Selon l’informateur du ‘‘Monde’’, l’autre gendre de Ben Ali, Sakhr El-Materi, décrit comme «un requin qui n’a pas de dents», n’a pas été mis au parfum.
«Qu’il crève» a dit Ben Ali à propos de Bouazizi
Le suicide de Mohamed Bouazizi, immolé par le feu, le 17 décembre, laisse Ben Ali «totalement indifférent». «Il a dit quelque chose comme : ‘Qu’il crève’. A ce moment, Abdelwaheb Abdallah est devenu le véritable régent, et Abdelaziz Ben Dhia le filtre sans qui rien ne passait», raconte le conseiller. Ali Sériati, le chef de la garde présidentielle, fait partie de la clique rapprochée. La situation dans le pays se dégrade. La révolte, qui prend de l’ampleur, rend les conseillers du président fébriles.
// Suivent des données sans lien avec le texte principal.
(* Let $n\ge1$ and let $T\in\mathcal{L}(\mathcal{H})$ be $n$-EP. Then $T^{2n}\ge 0$ if and only if $T^{2n-1}\omega(T)\ge0$.
   Context: $\mathcal{H}$ is a Hilbert space, $\mathcal{L}(\mathcal{H})$ the bounded operators on it; for $A\in\mathcal{L}(\mathcal{H})$, $A\ge0$ means $A$ is a positive operator ($\langle Ax,x\rangle\ge0$ for all $x$). For $T$ with closed range, $T^\dagger$ is its Moore–Penrose inverse (unique solution of $TT^\dagger T=T$, $T^\dagger TT^\dagger=T^\dagger$, $(T^\dagger T)^*=T^\dagger T$, $(TT^\dagger)^*=TT^\dagger$) and $\omega(T)=T(T^*T)^\dagger=(T^\dagger)^*$ is its Cauchy dual. $T$ is $n$-EP if it has closed range and $T^nT^\dagger=T^\dagger T^n$. *)

From HB Require Import structures.
From mathcomp Require Import all_boot all_order all_algebra.
From mathcomp Require Import complex.
From mathcomp Require Import reals.
Set Implicit Arguments. Unset Strict Implicit. Unset Printing Implicit Defensive.
Import Order.TTheory GRing.Theory Num.Theory.
Local Open Scope ring_scope.

Section Hilbert.
Variables (R : realType) (V : lmodType R[i]) (ip : V -> V -> R[i]).

Definition hnorm (x : V) : R := Num.sqrt (complex.Re (ip x x)).

Definition hcauchy (u : nat -> V) : Prop :=
  forall e : R, 0 < e -> exists N : nat, forall m k : nat,
    (N <= m)%N -> (N <= k)%N -> hnorm (u m - u k) < e.

Definition hconverges (u : nat -> V) (l : V) : Prop :=
  forall e : R, 0 < e -> exists N : nat, forall m : nat,
    (N <= m)%N -> hnorm (u m - l) < e.

(* ip is an inner product (linear in the first variable) making V a
   complex Hilbert space *)
Definition is_hilbert : Prop :=
  [/\ (forall (a : R[i]) (x y z : V), ip (a *: x + y) z = a * ip x z + ip y z),
      (forall x y : V, ip y x = (ip x y)^*),
      (forall x : V, 0 <= ip x x),
      (forall x : V, ip x x = 0 -> x = 0)
    & (forall u : nat -> V, hcauchy u -> exists l, hconverges u l)].

Definition bounded_op (T : V -> V) : Prop :=
  (forall (a : R[i]) (x y : V), T (a *: x + y) = a *: T x + T y) /\
  exists M : R, forall x : V, hnorm (T x) <= M * hnorm x.

Definition is_adjoint (A B : V -> V) : Prop :=
  forall x y : V, ip (A x) y = ip x (B y).

Definition positive_op (A : V -> V) : Prop :=
  forall x : V, 0 <= ip (A x) x.

Definition closed_range (T : V -> V) : Prop :=
  forall (u : nat -> V) (y : V), (forall k, exists x, u k = T x) ->
    hconverges u y -> exists x, y = T x.

(* S is the Moore-Penrose inverse of T (it is unique when it exists) *)
Definition is_MP_inverse (T S : V -> V) : Prop :=
  [/\ bounded_op S,
      (forall x, T (S (T x)) = T x),
      (forall x, S (T (S x)) = S x),
      is_adjoint (S \o T) (S \o T)
    & is_adjoint (T \o S) (T \o S)].

Definition n_EP (n : nat) (T : V -> V) : Prop :=
  closed_range T /\
  exists S, is_MP_inverse T S /\ forall x, iter n T (S x) = S (iter n T x).

(* W = omega(T) = (T^dagger)^* is the Cauchy dual of T *)
Definition is_cauchy_dual (T W : V -> V) : Prop :=
  exists S, is_MP_inverse T S /\ is_adjoint S W.

End Hilbert.

(* Let S be the Moore-Penrose inverse of T and W = S^*.  The projection
   P = TS fixes the ranges of W and of T^(2n), and n-EP-ness makes S commute
   with T^(2n).  Hence T^(2n-1) W = S T^(2n) W, so that
   <T^(2n-1) W y, y> = <T^(2n) W y, W y>, while <T^(2n) x, x> = <T^(2n) u, u>
   with u = P x.  The forward implication is then immediate; for the converse
   it suffices to approximate every u = P u by vectors W y.  On the range of P
   the step r |-> r - c W S r, with 1/c a bound for |S|^2, shrinks |r|^2 by a
   fixed factor < 1, so iterating it from r = u yields y with |u - W y|
   arbitrarily small, without any appeal to completeness. *)

From HB Require Import structures.
From mathcomp Require Import all_boot all_order all_algebra.
From mathcomp Require Import complex reals ring lra.
Import Order.TTheory GRing.Theory Num.Theory.
(* ring_scope last, so that [^*] is [Num.conj] as in [is_hilbert]. *)
Local Open Scope complex_scope.
Local Open Scope ring_scope.
Set Implicit Arguments.
Unset Strict Implicit.
Unset Printing Implicit Defensive.

Section ComplexApprox.
Variable R : rcfType.

Definition ReIm_le (z : R[i]) (b : R) :=
  `|complex.Re z| <= b /\ `|complex.Im z| <= b.

Lemma ReIm_leW z b b' : b <= b' -> ReIm_le z b -> ReIm_le z b'.
Proof. by move=> bb' [hRe hIm]; split; apply: le_trans bb'. Qed.

Lemma ReIm_leD z z' b b' :
  ReIm_le z b -> ReIm_le z' b' -> ReIm_le (z + z') (b + b').
Proof.
case: z z' => [a c] [a' c'] [/= ha hc] [/= ha' hc'].
by split; apply: le_trans (ler_normD _ _) _; apply: lerD.
Qed.

Lemma ReIm_leN z b : ReIm_le z b -> ReIm_le (- z) b.
Proof. by case: z => a c [/= ha hc]; split; rewrite /= normrN. Qed.

Lemma ge0_ReIm_approx (z : R[i]) (C : R) : 0 < C ->
  (forall eps, 0 < eps -> eps <= 1 ->
     exists2 w, 0 <= w & ReIm_le (z - w) (eps * C)) -> 0 <= z.
Proof.
have parts w e : 0 <= w -> ReIm_le (z - w) e ->
    `|complex.Im z| <= e /\ 0 <= complex.Re z + e.
  case: z w => [a b] [c d]; rewrite lecE /= => /andP[/eqP -> c0] [].
  by rewrite /= oppr0 addr0 => /ler_normlP[hRe _] hIm; split=> //; lra.
move=> C0 approx.
have near e : 0 < e -> exists2 w, 0 <= w & ReIm_le (z - w) e.
  move=> e0; have eps0 : 0 < Num.min 1 (e / C) by rewrite lt_min ltr01 divr_gt0.
  have [w w0 zw] := approx _ eps0 ltac:(by rewrite ge_min lexx).
  exists w => //; apply: ReIm_leW zw.
  by rewrite -ler_pdivlMr // ge_min lexx orbT.
rewrite lecE /=; apply/andP; split.
  rewrite -normr_eq0 eq_le normr_ge0 andbT.
  by apply/ler_addgt0Pr => e /near[w w0 /(parts _ _ w0)[? _]]; rewrite add0r.
by apply/ler_addgt0Pr => e /near[w w0 /(parts _ _ w0)[_ ?]].
Qed.

End ComplexApprox.

Section InnerProduct.
Variables (R : realType) (V : lmodType R[i]) (ip : V -> V -> R[i]).
Hypothesis ipH : is_hilbert ip.

Lemma ipDZl a x y z : ip (a *: x + y) z = a * ip x z + ip y z.
Proof. by case: ipH. Qed.

Lemma ipC x y : ip y x = (ip x y)^*.
Proof. by case: ipH. Qed.

Lemma ipxx_ge0 x : 0 <= ip x x.
Proof. by case: ipH. Qed.

Lemma ipxx_eq0 x : ip x x = 0 -> x = 0.
Proof. by case: ipH => _ _ _ def _; exact: def. Qed.

Lemma ipDl x y z : ip (x + y) z = ip x z + ip y z.
Proof. by rewrite -[x]scale1r ipDZl mul1r scale1r. Qed.

Lemma ipBl x y z : ip (x - y) z = ip x z - ip y z.
Proof. by rewrite addrC -scaleN1r ipDZl mulN1r addrC. Qed.

Lemma ipZl a x z : ip (a *: x) z = a * ip x z.
Proof. by rewrite -[a *: x]addr0 ipDZl -(subrr x) ipBl subrr addr0. Qed.

Lemma ipDr x y z : ip z (x + y) = ip z x + ip z y.
Proof. by rewrite ipC ipDl rmorphD (ipC x z) (ipC y z). Qed.

Lemma ipBr x y z : ip z (x - y) = ip z x - ip z y.
Proof. by rewrite ipC ipBl rmorphB (ipC x z) (ipC y z). Qed.

Lemma ipZr a x z : ip z (a *: x) = a^* * ip z x.
Proof. by rewrite ipC ipZl rmorphM (ipC x z). Qed.

Lemma ipr_ext u v : (forall z, ip z u = ip z v) -> u = v.
Proof.
move=> uv; apply/eqP; rewrite -subr_eq0; apply/eqP/ipxx_eq0.
by rewrite ipBr uv subrr.
Qed.

Definition sqnorm x := complex.Re (ip x x).

Lemma sqnorm_ge0 x : 0 <= sqnorm x.
Proof. by have := ipxx_ge0 x; rewrite lecE => /andP[]. Qed.

Lemma Re_ipC x y : complex.Re (ip y x) = complex.Re (ip x y).
Proof. by rewrite ipC; case: (ip x y). Qed.

Lemma Im_ipC x y : complex.Im (ip y x) = - complex.Im (ip x y).
Proof. by rewrite ipC; case: (ip x y). Qed.

Lemma sqnormB x y :
  sqnorm (x - y) = sqnorm x - 2 * complex.Re (ip x y) + sqnorm y.
Proof.
rewrite /sqnorm ipBl !ipBr (ipC x y).
by case: (ip x y) (ip x x) (ip y y) => [a b] [c d] [e f] /=; lra.
Qed.

Lemma sqnormZ (t : R) x : sqnorm (t%:C *: x) = t ^+ 2 * sqnorm x.
Proof.
by rewrite /sqnorm ipZl ipZr; case: (ip x x) => a b /=; rewrite expr2; lra.
Qed.

Lemma Re_ipZr (t : R) x y :
  complex.Re (ip x (t%:C *: y)) = t * complex.Re (ip x y).
Proof. by rewrite ipZr; case: (ip x y) => a b /=; lra. Qed.

Lemma sqnorm_iZ x : sqnorm ('i%C *: x) = sqnorm x.
Proof. by rewrite /sqnorm ipZl ipZr; case: (ip x x) => a b /=; lra. Qed.

Lemma Re_ip_iZr x y : complex.Re (ip x ('i%C *: y)) = complex.Im (ip x y).
Proof. by rewrite ipZr; case: (ip x y) => a b /=; lra. Qed.

Lemma Re_ip_le x y (t : R) :
  0 < t -> 2 * complex.Re (ip x y) <= t * sqnorm x + sqnorm y / t.
Proof.
move=> t0; have := sqnorm_ge0 (t%:C *: x - y).
rewrite sqnormB sqnormZ ipZl => h.
have -> : t * sqnorm x + sqnorm y / t = (t ^+ 2 * sqnorm x + sqnorm y) / t.
  by field; rewrite gt_eqF.
rewrite ler_pdivlMr //.
move: h; case: (ip x y) => a b /=; nra.
Qed.

Lemma ReIm_le_ip x y e :
  0 < e -> sqnorm y <= e ^+ 2 -> ReIm_le (ip x y) (e * (sqnorm x + 1)).
Proof.
move=> e0; have Re_le v : sqnorm v <= e ^+ 2 ->
    `|complex.Re (ip x v)| <= e * (sqnorm x + 1).
  have half w : sqnorm w <= e ^+ 2 ->
      2 * complex.Re (ip x w) <= e * (sqnorm x + 1).
    move=> we; apply: le_trans (Re_ip_le x w e0) _.
    rewrite mulrDr mulr1 lerD2l ler_pdivrMr // -expr2 //.
  move=> ve; have := half _ ve.
  have := half ((-1)%:C *: v); rewrite sqnormZ Re_ipZr sqrrN expr1n mul1r.
  by move=> /(_ ve) h1 h2; rewrite ler_norml; apply/andP; split; lra.
move=> ye; split; first exact: Re_le.
by rewrite -Re_ip_iZr; apply: Re_le; rewrite sqnorm_iZ.
Qed.

Lemma ReIm_le_ipC x y e :
  0 < e -> sqnorm y <= e ^+ 2 -> ReIm_le (ip y x) (e * (sqnorm x + 1)).
Proof. by rewrite /ReIm_le Re_ipC Im_ipC normrN; exact: ReIm_le_ip. Qed.

End InnerProduct.

Lemma linB (R : pzRingType) (U : lmodType R) (f : U -> U) :
  linear f -> forall x y, f (x - y) = f x - f y.
Proof. by move=> fL x y; rewrite addrC -scaleN1r fL scaleN1r addrC. Qed.

Lemma linear_iter (R : pzRingType) (U : lmodType R) (f : U -> U) k :
  linear f -> linear (iter k f).
Proof. by move=> fL; elim: k => [|k IHk] a x y //=; rewrite IHk fL. Qed.

Lemma descent_le (R : archiRealFieldType) (P : R -> Prop) (g v0 : R) :
  0 < g -> P v0 -> (forall v, P v -> 0 <= v) ->
  (forall v, P v -> exists2 v', P v' & v' <= v - g * v) ->
  forall d, 0 < d -> exists2 v, P v & v <= d.
Proof.
move=> g0 Pv0 P_ge0 step d d0.
have gd0 : 0 < g * d by rewrite mulr_gt0.
have iter_step k : exists2 v, P v & v <= d \/ v <= v0 - k%:R * (g * d).
  elim: k => [|k [v Pv [vd|vk]]]; first by exists v0; [|right; lra].
  - by exists v => //; left.
  - have [vd|dv] := lerP v d; first by exists v => //; left.
    have [v' Pv' v'v] := step v Pv; exists v' => //; right.
    have : g * d <= g * v by rewrite ler_pM2l // ltW.
    by rewrite -natr1 mulrDl mul1r; lra.
have := archi_boundP (divr_ge0 (P_ge0 _ Pv0) (ltW gd0)).
rewrite ltr_pdivrMr //; set k := Num.bound _ => v0k.
have [v Pv [vd|vk]] := iter_step k; first by exists v.
by have := P_ge0 _ Pv; lra.
Qed.

Section Operators.
Variables (R : realType) (V : lmodType R[i]) (ip : V -> V -> R[i]).
Hypothesis ipH : is_hilbert ip.
Local Notation sqnorm := (sqnorm ip).

Lemma bounded_sqnorm f : bounded_op ip f ->
  exists2 K, 0 < K & forall x, sqnorm (f x) <= K * sqnorm x.
Proof.
case=> _ [M fM]; exists (M ^+ 2 + 1) => [|x].
  by rewrite ltr_pwDr ?sqr_ge0.
have := fM x; rewrite /hnorm -/(sqnorm _) -/(sqnorm _) => le_fx.
have := sqr_sqrtr (sqnorm_ge0 ipH (f x)); have := sqr_sqrtr (sqnorm_ge0 ipH x).
have := sqrtr_ge0 (sqnorm (f x)); have := sqrtr_ge0 (sqnorm x).
move: le_fx; set a := Num.sqrt _; set b := Num.sqrt _ => le_ab b0 a0 <- <-.
have : a ^+ 2 <= (M * b) ^+ 2 by rewrite !expr2; nra.
by rewrite exprMn; nra.
Qed.

Lemma iter_sqnorm_le f K k : 0 <= K ->
  (forall x, sqnorm (f x) <= K * sqnorm x) ->
  forall x, sqnorm (iter k f x) <= K ^+ k * sqnorm x.
Proof.
move=> K0 fK; elim: k => [|k IHk] x /=; first by rewrite expr0 mul1r.
by rewrite exprS -mulrA; apply: le_trans (fK _) _; rewrite ler_wpM2l.
Qed.

Lemma adjoint_linear S W : is_adjoint ip S W -> linear W.
Proof.
move=> SW a x y; apply: (ipr_ext ipH) => z.
by rewrite -SW ipDr // ipZr // ipDr // ipZr // -!SW.
Qed.

Lemma adjoint_sqnorm_le S W K : is_adjoint ip S W -> 0 < K ->
  (forall x, sqnorm (S x) <= K * sqnorm x) ->
  forall x, sqnorm (W x) <= K * sqnorm x.
Proof.
move=> SW K0 SK x.
have Ki0 : 0 < K^-1 by rewrite invr_gt0.
have := Re_ip_le ipH (S (W x)) x Ki0; rewrite invrK SW -/(sqnorm _).
have : K^-1 * sqnorm (S (W x)) <= sqnorm (W x).
  by rewrite ler_pdivrMl // SK.
by rewrite mulrC; lra.
Qed.

Lemma sqnorm_descent S W K r : is_adjoint ip S W -> 0 < K ->
  (forall x, sqnorm (S x) <= K * sqnorm x) ->
  sqnorm (r - (K^-1)%:C *: W (S r)) <= sqnorm r - K^-1 * sqnorm (S r).
Proof.
move=> SW K0 SK; have Ki0 : 0 <= K^-1 by rewrite invr_ge0 ltW.
rewrite sqnormB // sqnormZ // Re_ipZr // -SW -/(sqnorm _).
have : K^-1 ^+ 2 * sqnorm (W (S r)) <= K^-1 * sqnorm (S r).
  rewrite expr2 -mulrA ler_wpM2l // ler_pdivrMl //.
  exact: adjoint_sqnorm_le SW K0 SK _.
lra.
Qed.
Le 29 décembre, au lendemain du premier discours du président, lors d’une réunion de crise, Abdallah dit «Il faut que tout ça soit manipulé par un groupe affilié à Al-Qaida au Maghreb islamique. Pour nos amis français, c’est la seule solution.» Ben Ali, plus lucide que son conseiller politique, réplique sèchement: «Aqmi en Tunisie, c’est la mort du tourisme, on va se suicider.»
Pour expliquer les manifestations, les collaborateurs de l’ex-président servent aux Américains l’argument du «foyer islamiste» à Kasserine, la ville où les manifestations ont été les plus durement réprimées. «Il y a eu un air de fête après les déclarations de Michèle Alliot-Marie lorsqu’elle a proposé d’aider à former des policiers tunisiens. Et Eric Raoult appelait tout le temps pour dire qu’il ne fallait pas ouvrir la brèche aux islamistes; Abdallah l’avait surnommé la ‘passerelle’», écrit ‘‘Le Monde’’
Sériati veut brûler la Tunisie
Selon le conseiller, l’ex-président s’était réfugié dans sa propriété d’Hammamet avant de quitter le pays et avait préenregistré son dernier discours. «Sériati a prévenu que les militaires, ces 'fils de bâtards', fraternisaient avec la population. Il a ajouté: 'Peut-être on partira, mais on brûlera Tunis: j’ai 800 bonhommes prêts à se sacrifier. Dans deux semaines, les mêmes qui manifestent vont nous supplier de reprendre les choses en main’», rapporte le conseiller, dont ‘‘Le Monde’’ n’a pas divulgué l’identité.